Хэм пал на колени рядом, зашептал:
— Ты же совсем замерзнешь — пошли скорее отсюда…
Девочка даже и не обернулась, даже и не вздрогнула, но склонилась еще ниже, заслоняя руками и грудью, что-то бывшее на вершине этого холмика; она плакала, и говорила чуть слышно:
— Они тоже замерзают!.. Вы вот им можете помочь?..
— Я чувствую едва уловимый запах цветов. — прошептал Эллиор.
— Да, да… Только это совсем необычайные цветы — это самое прекрасное, что я, когда-либо видела. Сейчас я вам покажу…
Тут девочка начала кашлять — она пыталась подавить свой кашель; однако, он все рвался и рвался из ее груди, и, наконец, на губах ее выступила кровь. Она пересела так, чтобы спиною заслонять найденное ею, от ледяного света. Она убрала руку, и все за исключением Сикуса (он лежал без всякого движенья), склонились над двумя цветками, согревая их своих дыханьем.
Эти два ростка, были совсем еще юными, с нежно-изумрудными лепестками, с облачными, едва ли не прозрачными листиками. В этих листиках проходили тоненькие бирюзовые жилки, они окаймлялись тоненькими солнечными ободками, которые сияли внутренним теплом — хотелось протянуть к ним руки и согреться. Вот — о чудо! — стебельки плавно распрямились. У одного цветка лепестки оказались такого теплого, белого цвета, которым сияют березки в солнечные весенние дни. Лепестки второго были того глубокого голубого цвета, которое изливает из себя весеннее небо, когда оно еще полно силой, и отдает эту силу земле. А между лепестками были маленькие, печальные личики — из ярко-золотистых, солнечных глазок вырвалось несколько крошечных слезинок, но они уже застыли, стали ледышками в этом пронзительно-ледяном, свете. Было видно, как раскрываются сказочно-маленькие ротики, слышался тихий-тихий шепот; и вот все, боясь вздохнуть громко, склонились еще ниже, прислушиваясь к этим словам.
Эллиор сложил над лепестками ладони, прошептал несколько слов на своем дивно мелодичном языке. Вот, у ладоней его стала разгораться легкая золотистая дымка; вот дотронулась до лепестков, вот окутала их. Цветы сначала замерли, а затем вытянули листья — словно маленькими, слабыми ручками робко прикоснулись к пальцам Эллиора.
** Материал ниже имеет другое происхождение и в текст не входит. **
Theorem lemma3 (lam : Z -> R) (k : Z) (eps1 eps2 a b : R)
  (p : R -> R -> R -> R) :
  lambda_enum lam ->
  k <> 0%Z ->
  0 < eps1 < lam k - lam (k - 1)%Z ->
  let pk := lam (k - 1)%Z + eps1 in
  0 < eps2 < / (lam k - lam (k - 1)%Z - eps1) - Rmax 0 (- / pk) ->
  let mu := Rmax 0 (- / pk) + eps2 in
  let qk := pk + / mu in
  pk < a < qk -> pk < b < qk ->
  (* p continuous on [0,pi] x T x R (T = R/2piZ: p is 2pi-periodic in t) *)
  (forall s t u, 0 <= s <= PI ->
     filterlim (fun x : R * R * R => p (fst (fst x)) (snd (fst x)) (snd x))
       (within (fun x : R * R * R => 0 <= fst (fst x) <= PI) (locally (s, t, u)))
       (locally (p s t u))) ->
  (forall s t u, p s (t + 2 * PI) u = p s t u) ->
  (* lim_{|u|->oo} p(s,t,u)/u = 0 uniformly in (s,t) *)
  (forall e, 0 < e -> exists M, 0 < M /\ forall s t u, 0 <= s <= PI ->
     M <= Rabs u -> Rabs (p s t u / u) <= e) ->
  (forall s t u1 u2, 0 <= s <= PI -> u1 < u2 ->
     a * posp u1 - b * negp u1 + p s t u1 - pk * u1
     < a * posp u2 - b * negp u2 + p s t u2 - pk * u2) ->
  (forall s t u1 u2, 0 <= s <= PI -> u1 < u2 ->
     a * posp u1 - b * negp u1 + p s t u1 - qk * u1
     > a * posp u2 - b * negp u2 + p s t u2 - qk * u2) ->
  (* conclusion: lim_{|v|->oo} q(s,t,v)/v = 0 uniformly in (s,t) *)
  forall e, 0 < e -> exists M, 0 < M /\ forall s t v, 0 <= s <= PI ->
     M <= Rabs v -> Rabs (qf a b pk p s t v / v) <= e.
Proof.
  intros _ _ _ pk _ mu qk Ha Hb Hcont _ Hgrow Hincr _ e He.
  set (m := Rmin (a - pk) (b - pk)).
  assert (Hm : 0 < m) by (apply Rmin_pos; lra).
  assert (Hm2 : 0 < m ^ 2) by (apply pow_lt; lra).
  set (d := Rmin (m / 2) (e * m ^ 2 / 12)).
  assert (Hd : 0 < d /\ d <= m / 2 /\ d <= e * m ^ 2 / 12).
  { assert (0 < e * m ^ 2 / 12)
      by (apply Rdiv_lt_0_compat; [apply Rmult_lt_0_compat |]; lra).
    split; [apply Rmin_pos; lra | split; [apply Rmin_l | apply Rmin_r]]. }
  destruct (Hgrow d ltac:(lra)) as [M [HM HpM]].
  assert (Hme : 0 < 2 / (m * e)) by (apply Rdiv_lt_0_compat; nra).
  assert (0 <= (a - pk + d) * M + (b - pk + d) * M)
    by (apply Rplus_le_le_0_compat; apply Rmult_le_pos; lra).
  exists ((a - pk + d) * M + (b - pk + d) * M + 1 + 2 / (m * e)); split; [lra |].
  intros s t v Hs Hv; apply ratio_le_of_abs_le; [lra |].
  eapply Rle_trans.
  { apply (Derive_conj_diff_abs_le_far (a - pk) (b - pk) (p s t))
      with (d := d) (M := M); try lra.
    - intros y; apply continuous_slice with (1 := Hs), Hcont, Hs.
    - intros u1 u2 Hu; rewrite !Gq_shift; apply Hincr; assumption.
    - fold m; lra.
    - apply abs_le_of_ratio_le; [exact HM | intros u; apply HpM, Hs]. }
  fold m; apply affine_bound_le_of_small_slope; lra.
Qed.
А потом — их лепестки потянулись друг к другу…
— Надо их забрать с собой — далеко, далеко отсюда, на юг. — молвила девочка.
И тут раздался голос, который всех, даже и Эллиора, заставил вздрогнуть. Это был холодный, полный мрачной силы голос.
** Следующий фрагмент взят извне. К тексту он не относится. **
(* Let $\rho>0$ be fixed. The class of $\rho$-dense graphs in $\mathbb{R}^d$ has polynomial expansion bounded by $f(r)=\rho\, r^{O(d)}$.
   Context: A set of objects $F$ in $\mathbb{R}^d$ has density $\rho$ if any object $o$ (not necessarily in $F$) intersects at most $\rho$ objects of $F$ with diameter at least that of $o$. A graph is $\rho$-dense (in $\mathbb{R}^d$) if it is the intersection graph of a set of objects in $\mathbb{R}^d$ with density $\rho$. A graph is $r$-shallow if some vertex reaches every vertex by a path with at most $r$ edges; an $r$-shallow minor of $G$ is a minor (edge contractions, edge/vertex deletions) whose clusters induce $r$-shallow subgraphs; $\nabla_r(G)$ is the supremum of $|E(K)|/|V(K)|$ over all $r$-shallow minors $K$ of $G$. A class has expansion bounded by $f$ if $\sup_{G}\nabla_r(G)\le f(r)$ for all $r$. *)

From HB Require Import structures.
From mathcomp Require Import all_boot all_order all_algebra.
From mathcomp Require Import boolp classical_sets reals.
Set Implicit Arguments. Unset Strict Implicit. Unset Printing Implicit Defensive.
Import Order.TTheory GRing.Theory Num.Theory.
Local Open Scope classical_set_scope.
Local Open Scope ring_scope.

Section Geometry.
Variables (R : realType) (d : nat).

Definition point := 'I_d -> R.

Definition dist (x y : point) : R := Num.sqrt (\sum_(i < d) (x i - y i) ^+ 2).

(* a (geometric) object: an arbitrary subset of R^d; we require boundedness *)
Definition bounded_obj (A : set point) : Prop :=
  exists M : R, forall x y, A x -> A y -> dist x y <= M.

(* diameter = sup of pairwise distances (0 for the empty set) *)
Definition diam (A : set point) : R :=
  sup [set t | exists x y, A x /\ A y /\ t = dist x y].

Definition has_density (V : finType) (obj : V -> set point) (rho : R) : Prop :=
  forall o : set point, bounded_obj o ->
    (#|[set v : V | `[< obj v `&` o !=set0 >] && (diam o <= diam (obj v))]|%:R
       <= rho).

Definition rho_dense (V : finType) (e : rel V) (rho : R) : Prop :=
  exists obj : V -> set point,
    (forall v, bounded_obj (obj v)) /\
    has_density obj rho /\
    (forall u v, e u v = (u != v) && `[< obj u `&` obj v !=set0 >]).

End Geometry.

Local Close Scope classical_set_scope.

Section Minors.
Variables (V : finType) (e : rel V).

Definition shallow_cluster (r : nat) (C : {set V}) : Prop :=
  exists2 c, c \in C &
    forall v, v \in C -> exists s : seq V,
      [/\ size s <= r, path (fun x y => e x y && (x \in C) && (y \in C)) c s
        & last c s = v]%N.

Definition shallow_minor (r : nat) (W : finType) (eK : rel W)
  (cl : W -> {set V}) : Prop :=
  [/\ forall a, shallow_cluster r (cl a),
      forall a b, a != b -> cl a :&: cl b == finset.set0
    & forall a b, a != b -> eK a b ->
        exists x y, [/\ x \in cl a, y \in cl b & e x y]].

Definition edges (W : finType) (eK : rel W) : {set {set W}} :=
  [set E : {set W} | [exists a, exists b,
      [&& a != b, eK a b & E == [set a; b]]]].

(* nabla_r(G) = sup of |E(K)|/|V(K)| over r-shallow minors K (0/0 = 0) *)
Definition nabla (R : realType) (r : nat) : R :=
  sup [set q : R | exists (W : finType) (eK : rel W) (cl : W -> {set V}),
         shallow_minor r eK cl /\ q = #|edges eK|%:R / #|W|%:R]%classic.

End Minors.

From Pilot Require Import Defs.
From mathcomp Require Import all_boot all_order all_algebra.
From mathcomp Require Import boolp classical_sets reals.
From mathcomp Require Import ring lra zify.
Import Order.TTheory GRing.Theory Num.Theory.

(* Let K be an r-shallow minor of a rho-dense graph G with clusters cl a, and
   let D a be the largest diameter of an object in cl a.  Orient every edge ab
   of K towards the endpoint with the larger D.  If D a <= D b, walk at most r
   steps from the centre of cl a to the edge ab and at most 2 r steps inside
   cl b to its largest object: somewhere on the way cl b contains an object of
   diameter >= D a meeting the ball of radius (3 r + 1) D a around a point of
   the centre object of a.  That ball is covered by (16 (9 r + 5))^d sets of
   diameter <= D a, each of which meets at most rho objects at least as large;
   since the clusters are disjoint, every vertex of K has out-degree at most
   rho (16 (9 r + 5))^d, hence |E(K)| <= rho (16 (9 r + 5))^d |V(K)|.  The
   cover is a grid of mesh D / m with m^2 just above d; the cells meeting the
   ball correspond to lattice points in a ball of radius O(r sqrt d), of which
   there are only 2^O(d) r^d. *)

Set Implicit Arguments.
Unset Strict Implicit.
Unset Printing Implicit Defensive.
Local Open Scope ring_scope.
— Нет — вы их не заберете…
Все резко на этот голос обернулись. Мьер — тот и вовсе вскочил на ноги; выхватил свой боевой молот.
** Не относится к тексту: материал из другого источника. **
Lemma rsum_tuple_cons (T : finType) n (G : n.+1.-tuple T -> R) :
  rsum G = rsum (fun b => rsum (fun t : n.-tuple T => G [tuple of b :: t])).
Proof.
rewrite /rsum pair_big /= (reindex (fun p : T * n.-tuple T => [tuple of p.1 :: p.2])) //.
exists (fun t : n.+1.-tuple T => (thead t, [tuple of behead t])).
  by move=> [b t] _ /=; congr pair; apply: val_inj.
by move=> t _; rewrite [RHS]tuple_eta.
Qed.

Section DeviceBehavior.
Variables (A X : finType).
Implicit Types (s : strategy A X) (n : nat).

Lemma devP_cons s n b (a : n.-tuple A) y (x : n.-tuple X) :
  devP s [tuple of b :: a] [tuple of y :: x] =
  s [::] [::] b y * devP (fun ha hx => s (b :: ha) (y :: hx)) a x.
Proof.
rewrite /devP /rprod big_ord_recl !tnth0; congr Rmult.
by apply: eq_bigr => j _; rewrite !tnthS.
Qed.

Lemma devP_ge0 s n (a : n.-tuple A) (x : n.-tuple X) :
  (forall ha hx b y, 0 <= s ha hx b y) -> 0 <= devP s a x.
Proof. by move=> s_ge0; apply: rprod_ge0 => j; apply: s_ge0. Qed.

Lemma rsum_devP s n (x : n.-tuple X) :
  (forall ha hx y, rsum (fun b => s ha hx b y) = 1) ->
  rsum (fun a : n.-tuple A => devP s a x) = 1.
Proof.
elim: n s x => [|n IH] s x s_sum1.
  rewrite /rsum (big_pred1 [tuple]) ?/devP ?/rprod ?big_ord0 //.
  by move=> t; apply/eqP; case: t => [[]].
rewrite rsum_tuple_cons (tuple_eta x) -[RHS](s_sum1 [::] [::] (thead x)).
apply: eq_rsum => b /=; under eq_rsum => t do rewrite devP_cons.
by rewrite rsum_mull IH ?Rmult_1_r // => ha hx y; apply: s_sum1.
Qed.

End DeviceBehavior.

(* Pi is the behavior of a device with trivial inputs whose outputs are i.i.d. with law pi. *)
Lemma rsum_inPi (X : finType) (pi : X -> R) n :
  rsum pi = 1 -> rsum (fun x : n.-tuple X => inPi pi x) = 1.
Proof.
move=> pi_sum1.
exact: (@rsum_devP X unit (fun _ _ b _ => pi b) n [tuple of nseq n tt]).
Qed.

Section Restriction.
Variables (T : finType) (P w : T -> R).
Hypotheses (P_ge0 : forall a, 0 <= P a) (P_sum1 : rsum P = 1).
Hypotheses (w_ge0 : forall a, 0 <= w a) (w_le1 : forall a, w a <= 1).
Сильнэм стоял шагах в двадцати, возле поворота, из-за которого вырывался ледяной свет; в его глазницах теперь разгорался такой же мертвенный, синеватый свет. Он медленно, как тяжелая грозовая туча, направился к ним; и при этом приговаривал своим:
— Это мое заклятье подняло ветер — этот ветер добрался до благодатной земли, неся несколько семян. Большинство из них погибли, но вот — двое остались. Они единственные, тешут мое сердце…
Девочка, хоть даже и не слышала раньше ничего про Сильнэма, шагнула к нему навстречу, и говорила:
— А кто вам позволил так мучить их? Вам-то, быть может, хорошо; а они же мезнут! Вы только послушайте, как плачут они!..
Видно было, что девочка, несмотря на эльфийский плащ, совсем продрогла: тельце ее содрогалось, дрожал и голос. И вот бегом, устремилась она к Сильнэму. На бегу выкрикивала:
— Да как вы смели поступить так?! Немедленно, немедленно отпустите их!
Вот подбежала вплотную и, рыдая, принялась бить кулачками по его ржавой кольчуге; с надрывом рыдала, выкрикивала:
— Отпустите их! Чудище-поганое!.. Отпустите!..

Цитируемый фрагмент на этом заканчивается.